One conceivable way to canonicalize lines is to use the *perpendicular* plane that goes through the origin, that's uniquely defined, and anyway just amounts to I = (0,0,d) where d is the ordinary direction vector of the line; and a point J in that plane that the line goes through, which just amounts to J=(r^2,1,E) with Q(I,J) = 0, i.e. E\dot d = 0. It's also the point on the line closest to the origin. The reason that we don't usually use that point as the companion to the direction vector is that the resulting set of six coordinates is not homogeneous. But here that's not an issue, since we have our standard point coordinates and plane coordinates; and for a plane through the origin, only two of the direction coordinates are really free, and then we have the one dot-product relation, so only two of the point coordinates are really free, giving us the correct dimensionality of 4 for the set of lines. So in some sense this says that we could take naively as coordinates for a line the projection of the unit direction vector to the xy plane and the projection of the line's closest point to the origin to the xy plane. That doesn't seem to have any weird gimbal locks or discontinuities or anything. And with these coordinates, you can test if the point E=x,y,z is on the line (dx,dy,cx,cy) by extending (dx,dy) to d via dz = sqrt(1-dx^2 - dy^2), extending (cx,cy) to c by determining cz via d\dot c = 0, and then checking if d\cross(E-c) = 0. And you can see if two lines are parallel just by checking if they have the same direction vector, and if not, you can see if they are coplanar by projecting both of their closest points perpendicularly onto the line in the direction of the cross product of their directions, and if the projections match they are coplanar.
#### Engine Conventions
The coordinate conventions used in the engine are different from the ones used in these notes. Marking the engine vectors and coordinates with $'$, we have
$$I' = (x', y', z', b', c'),$$
where
$$
\begin{align*}
x' & = x & b' & = b/2 \\
y' & = y & c' & = c/2. \\
z' & = z
\end{align*}
$$
The engine uses the quadratic form $Q' = -Q$, which is expressed in engine coordinates as
$$Q'(I'_1, I'_2) = x'_1 x'_2 + y'_1 y'_2 + z'_1 z'_2 - 2(b'_1c'_2 + c'_1 b'_2).$$
In the `engine` module, the matrix of $Q'$ is encoded in the lazy static variable `Q`.

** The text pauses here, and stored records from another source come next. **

Lemma sheetE_surj_unsplit e' b :
  e' \notin S -> ~~ splits S (esrc e') -> ~~ splits S (etgt e') ->
  exists e, mE p e = e' /\ sheetE e = b.
Proof.
move=> e'S n1 n2; case: surj => /(_ (esrc e'))[x xv] _ _.
have dx : d x = 2 by apply: d2_unsplit; rewrite xv.
have [f [xf fe]] : exists f, inc x f /\ mE p f = e' by apply: lift_at; rewrite xv inc_esrc.
have [f0 pick_f0] : exists f0, [pick g | mE p g == e'] = Some f0.
  by case: pickP => [f0 _ | none]; [exists f0 | have := none f; rewrite fe eqxx].
have f0e : mE p f0 = e' by move: pick_f0; case: pickP => // g /eqP ge [<-].
have sheetE_lift g : mE p g = e' -> sheetE g = (f0 != g).
  by move=> ge; rewrite sheetE_unsplit ge // e'S pick_f0 (inj_eq Some_inj).
have xf0 : inc x f0 by apply: (d2_inc _ xv dx); rewrite f0e inc_esrc.
have w1 : wE p f0 = 1 by rewrite wE_inS f0e (negbTE e'S).
have [f1 f1e n10] := other_lift_d2 dx xf0 w1; rewrite f0e in f1e.
case: b; [exists f1 | exists f0]; rewrite sheetE_lift ?eqxx //.
by rewrite eq_sym n10.
Qed.

Lemma sheetE_surj e' b : (b ==> (e' \notin S)) -> exists e, mE p e = e' /\ sheetE e = b.
Proof.
move=> hb; have [e'S | e'S] := boolP (e' \in S).
  have b0 : b = false by move: hb; rewrite e'S; case: b.
  move: (e'S); rewrite -branch_edgesE inE => /existsP[f /andP[/eqP fe _]].
  by exists f; split; rewrite // /sheetE fe e'S b0.
have [s1 | n1] := boolP (splits S (esrc e')); first exact: sheetE_surj_split (inc_esrc e') s1.
have [s2 | n2] := boolP (splits S (etgt e')); first exact: sheetE_surj_split (inc_etgt e') s2.
exact: sheetE_surj_unsplit.
Qed.

Lemma sheet_labelling_cover : sheet_labelling p S sheet sheetE.
Proof.
split.
- exact: sheet_inj.
- exact: sheet_surj.
- by move=> v; apply/implyP => /andP[].
- exact: sheetE_inj.
- exact: sheetE_surj.
- by move=> e; apply/implyP => /andP[].
- exact: sheet_inc.
- exact: wE_inS.
- exact: mL_inj.
- by case: surj.
- exact: wL_eq2.
- by move=> l; rewrite sheet_unsplit // splits_d d_legv.
- exact: gen_nbranch.
Qed.

End CoverShape.

Lemma g2_cover_labelling (R : realType) (T G : mgraph R) (p : gmap G T)
    (S : {set edge T}) :
  is_tree T -> (forall v', parity S v' = odd (nlegs v')) -> g2_cover p ->
  exists sV sE, sheet_labelling p S sV sE.
Proof.
move=> tree parity_S [connG _ legsG [morph [surj [d [harm fiber_d RH]]]] br].
have [tau tau_jump] := tree_coboundary tree (sheet_jump p).
exists (sheet p S tau), (sheetE p S tau).
by apply: (sheet_labelling_cover (d := d)) => //; rewrite legsG.
Qed.

(** * Covers with labellings over the same edge set are isomorphic *)

Section LabellingIso.
Import GRing.Theory Num.Theory.
Variables (R : realType) (T G1 G2 : mgraph R) (p1 : gmap G1 T) (p2 : gmap G2 T).
Variables (S : {set edge T}) (sV1 : vert G1 -> bool) (sE1 : edge G1 -> bool).
Variables (sV2 : vert G2 -> bool) (sE2 : edge G2 -> bool).
Hypotheses (morph1 : is_morphism p1) (morph2 : is_morphism p2).
Hypotheses (lab1 : sheet_labelling p1 S sV1 sE1) (lab2 : sheet_labelling p2 S sV2 sE2).

Lemma labV_im12 v : exists u, (mV p2 u, sV2 u) = (mV p1 v, sV1 v).
Proof. by have [u [mu su]] := lab_surj lab2 (lab_splits lab1 v); exists u; rewrite mu su. Qed.

Lemma labV_im21 u : exists v, (mV p1 v, sV1 v) = (mV p2 u, sV2 u).
Proof. by have [v [mv sv]] := lab_surj lab1 (lab_splits lab2 u); exists v; rewrite mv sv. Qed.

Lemma labE_im12 e : exists f, (mE p2 f, sE2 f) = (mE p1 e, sE1 e).
Proof. by have [f [mf sf]] := labE_surj lab2 (labE_notin lab1 e); exists f; rewrite mf sf. Qed.

Lemma labE_im21 f : exists e, (mE p1 e, sE1 e) = (mE p2 f, sE2 f).
Proof. by have [e [me se]] := labE_surj lab1 (labE_notin lab2 f); exists e; rewrite me se. Qed.

Lemma labL_im12 l : exists k, mL p2 k = mL p1 l.
Proof. exact: (lab_mL_surj lab2). Qed.

Lemma labL_im21 k : exists l, mL p1 l = mL p2 k.
Proof. exact: (lab_mL_surj lab1). Qed.

Let fV := relabel labV_im12.
Let fE := relabel labE_im12.
Let fL := relabel labL_im12.

Lemma fV_lab v : (mV p2 (fV v), sV2 (fV v)) = (mV p1 v, sV1 v).
Proof. exact: (relabelE labV_im12). Qed.

Lemma fE_lab e : (mE p2 (fE e), sE2 (fE e)) = (mE p1 e, sE1 e).
Proof. exact: (relabelE labE_im12). Qed.

Lemma fL_mL l : mL p2 (fL l) = mL p1 l.
Proof. exact: (relabelE labL_im12). Qed.

Lemma fV_bij : bijective fV.
Proof. exact: (relabel_bij (lab_inj lab1) (lab_inj lab2) labV_im12 labV_im21). Qed.

Lemma fE_bij : bijective fE.
Proof. exact: (relabel_bij (labE_inj lab1) (labE_inj lab2) labE_im12 labE_im21). Qed.

Lemma fL_bij : bijective fL.
Proof.
exact: (relabel_bij (lab_mL_inj lab1) (lab_mL_inj lab2) labL_im12 labL_im21).
Qed.

Lemma fV_mV v : mV p2 (fV v) = mV p1 v.
Proof. by have [] := fV_lab v. Qed.

Lemma fE_mE e : mE p2 (fE e) = mE p1 e.
Proof. by have [] := fE_lab e. Qed.

Lemma fE_sE e : sE2 (fE e) = sE1 e.
Proof. by have [] := fE_lab e. Qed.

Lemma fE_wE e : wE p2 (fE e) = wE p1 e.
Proof. by rewrite (lab_wE lab2) (lab_wE lab1) fE_mE. Qed.

Lemma fV_lift e x y : inc x e -> inc y (fE e) -> mV p2 y = mV p1 x -> y = fV x.
Proof.
move=> xe yf yx; apply: (lab_inj lab2); rewrite fV_lab yx.
by rewrite (lab_inc lab2 yf) (lab_inc lab1 xe) yx fE_sE.
Qed.

Lemma fE_ends e :
  (fV (esrc e) = esrc (fE e) /\ fV (etgt e) = etgt (fE e)) \/
  (fV (esrc e) = etgt (fE e) /\ fV (etgt e) = esrc (fE e)).
Proof.
have lift x y : inc x e -> inc y (fE e) -> mV p2 y = mV p1 x -> fV x = y.
  by move=> xe yf yx; rewrite (fV_lift xe yf yx).
case: (mV_ends morph1 e) => -[b1 b2]; case: (mV_ends morph2 (fE e)) => -[c1 c2];
  rewrite fE_mE in c1 c2; [left | right | right | left]; split;
  by apply: lift; rewrite ?inc_esrc ?inc_etgt // ?c1 ?c2 ?b1 ?b2.
Qed.

Lemma fL_legv l : legv (fL l) = fV (legv l).
Proof.
apply: (lab_inj lab2); rewrite fV_lab -(legv_mL morph2) fL_mL (legv_mL morph1).
by rewrite !(lab_legv lab1, lab_legv lab2).
Qed.

Lemma fE_len e : len (fE e) = len e.
Proof.
case: morph1 => _ _ _ _ len1; case: morph2 => _ _ _ _ len2.
have := len2 (fE e); rewrite fE_mE len1 fE_wE => /esym/mulfI; apply.
by rewrite pnatr_eq0 -lt0n (wE_gt0 morph1).
Qed.

Lemma cover_iso_of_labellings : cover_iso p1 p2.
Proof.
exists fV, fE, fL; split; first by split; [exact: fV_bij | exact: fE_bij | exact: fL_bij].
split; first exact: fE_ends.
split; first exact: fL_legv.
split; first by move=> v; rewrite (lab_gen lab2) (lab_gen lab1) fV_mV.
split; first exact: fE_len.
split.
- exact: fV_mV.
- exact: fE_mE.
- exact: fL_mL.
- exact: fE_wE.
- by move=> l; rewrite (lab_wL lab2) (lab_wL lab1).
Qed.

End LabellingIso.

(** * The canonical cover *)

Section CanonicalCover.
Import GRing.Theory Num.Theory.
Variables (R : realType) (T : mgraph R).
Hypothesis tree : is_tree T.
Variable S : {set edge T}.
Hypothesis parity_S : forall v, parity S v = odd (nlegs v).

Lemma splits_notin v e : splits S v -> inc v e -> e \notin S.
Proof.
rewrite /splits /nbranch => /eqP nb0 ve; apply/negP => eS.
have : (inc v e : nat) <= deg_in S v by apply: (leq_sum_term (P := fun e => e \in S)).
by rewrite ve; lia.
Qed.

Lemma splits_nolegs v l : splits S v -> legv l != v.
Proof.
rewrite /splits /nbranch => /eqP nb0; apply/negP => /eqP lv.
have : 0 < nlegs v by apply/card_gt0P; exists l; rewrite inE lv.
lia.
Qed.

Lemma nbranch_halfK v : ~~ splits S v -> ((nbranch S v - 2)./2).*2 + 2 = nbranch S v.
Proof.
move=> ns; have ev : ~~ odd (nbranch S v) by rewrite /nbranch oddD odd_deg_in parity_S addbb.
have ge2 : 2 <= nbranch S v by move: ns ev; rewrite /splits; case: (nbranch S v) => [|[|n]].
by rewrite halfK oddB // (negbTE ev) /= subn0 subnK.
Qed.

(* The canonical cover: a vertex of T is doubled iff it splits, an edge
   outside S is doubled with weight 1, an edge of S has a single lift of
   weight 2 and half the length, and every leg has a single lift of weight 2. *)
Definition cvert_ok (z : vert T * bool) := ~~ z.2 || splits S z.1.
Definition cedge_ok (z : edge T * bool) := ~~ z.2 || (z.1 \notin S).
Definition cvert := {z | cvert_ok z}.
Definition cedge := {z | cedge_ok z}.

Lemma cvert_of_ok v b : cvert_ok (v, b && splits S v).
Proof. by rewrite /cvert_ok /=; case: b; case: (splits S v). Qed.

Definition cvert_of v b : cvert := exist _ (v, b && splits S v) (cvert_of_ok v b).

Definition cweight e : nat := if e \in S then 2 else 1.
Definition csrc (y : cedge) := cvert_of (esrc (sval y).1) (sval y).2.
Definition ctgt (y : cedge) := cvert_of (etgt (sval y).1) (sval y).2.
Definition clegv (l : leg T) := cvert_of (legv l) false.
Definition cgen (x : cvert) := ((nbranch S (sval x).1 - 2)./2)%N.
Definition clen (y : cedge) : R := len (sval y).1 / (cweight (sval y).1)%:R.

Lemma cweight_gt0 e : 0 < cweight e.
Proof. by rewrite /cweight; case: (_ \in _). Qed.

Lemma clen_gt0 y : (0 < clen y)%R.
Proof. by apply: divr_gt0; [exact: len_pos | rewrite ltr0n cweight_gt0]. Qed.

Definition cgraph : mgraph R :=
  @MGraph R cvert cedge (leg T) csrc ctgt clegv cgen clen clen_gt0.

Definition cproj : gmap cgraph T :=
  @GMap R cgraph T (fun x : cvert => (sval x).1) (fun y : cedge => (sval y).1) id
    (fun y : cedge => cweight (sval y).1) (fun _ => 2).

Definition cdeg (x : cvert) : nat := if splits S (sval x).1 then 1 else 2.

Lemma cvert_ofE a b (x : cvert) :
  (cvert_of a b == x) = (a == (sval x).1) && ((b && splits S a) == (sval x).2).
Proof. by rewrite -val_eqE /=; case: (sval x). Qed.

Lemma cvert_unsplit (x : cvert) : ~~ splits S (sval x).1 -> (sval x).2 = false.
Proof. by have := svalP x; rewrite /cvert_ok => /orP[/negbTE // | ->]. Qed.

Lemma cinc (x : cvert) (y : cedge) : @inc R cgraph x y =
  inc (sval x).1 (sval y).1 && (((sval y).2 && splits S (sval x).1) == (sval x).2).
Proof.
rewrite /inc /= /csrc /ctgt !cvert_ofE.
case h1: (esrc (sval y).1 == (sval x).1); case h2: (etgt (sval y).1 == (sval x).1) => //=.
- by have := tree_loopfree tree (sval y).1; rewrite (eqP h1) (eqP h2) eqxx.
- by rewrite (eqP h1) orbF.
- by rewrite (eqP h2).
Qed.

Lemma cproj_ldegE (x : cvert) e : inc (sval x).1 e -> ldegE cproj x e = cdeg x.
Proof.
move=> xe; rewrite /ldegE.
transitivity (\sum_(z | cedge_ok z && ((inc (sval x).1 z.1 &&
    ((z.2 && splits S (sval x).1) == (sval x).2)) && (z.1 == e))) cweight z.1).
  rewrite -(@sum_sig _ cedge_ok _ (fun z => cweight z.1)).
  by apply: eq_bigl => y; rewrite cinc.
under eq_bigl => z do rewrite andbA.
rewrite sum_pair_fst sum_bool /= xe.
have := svalP x; have := @splits_notin (sval x).1 e.
rewrite /cdeg /cweight /cedge_ok /cvert_ok xe.
by case: (e \in S); case: (splits S _); case: (sval x).2 => //= /(_ isT isT).
Qed.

In the engine's coordinate conventions, a sphere with radius $r > 0$ centered on $P = (P_x, P_y, P_z)$ is represented by the vector
$$I'_s = \left(\frac{P_x}{r}, \frac{P_y}{r}, \frac{P_z}{r}, \frac1{2r}, \frac{\|P\|^2 - r^2}{2r}\right),$$
which has the normalization $Q'(I'_s, I'_s) = 1$. The point $P$ is represented by the vector
$$I'_P = \left(P_x, P_y, P_z, \frac{1}{2}, \frac{\|P\|^2}{2}\right).$$
In the `engine` module, these formulas are encoded in the `sphere` and `point` functions.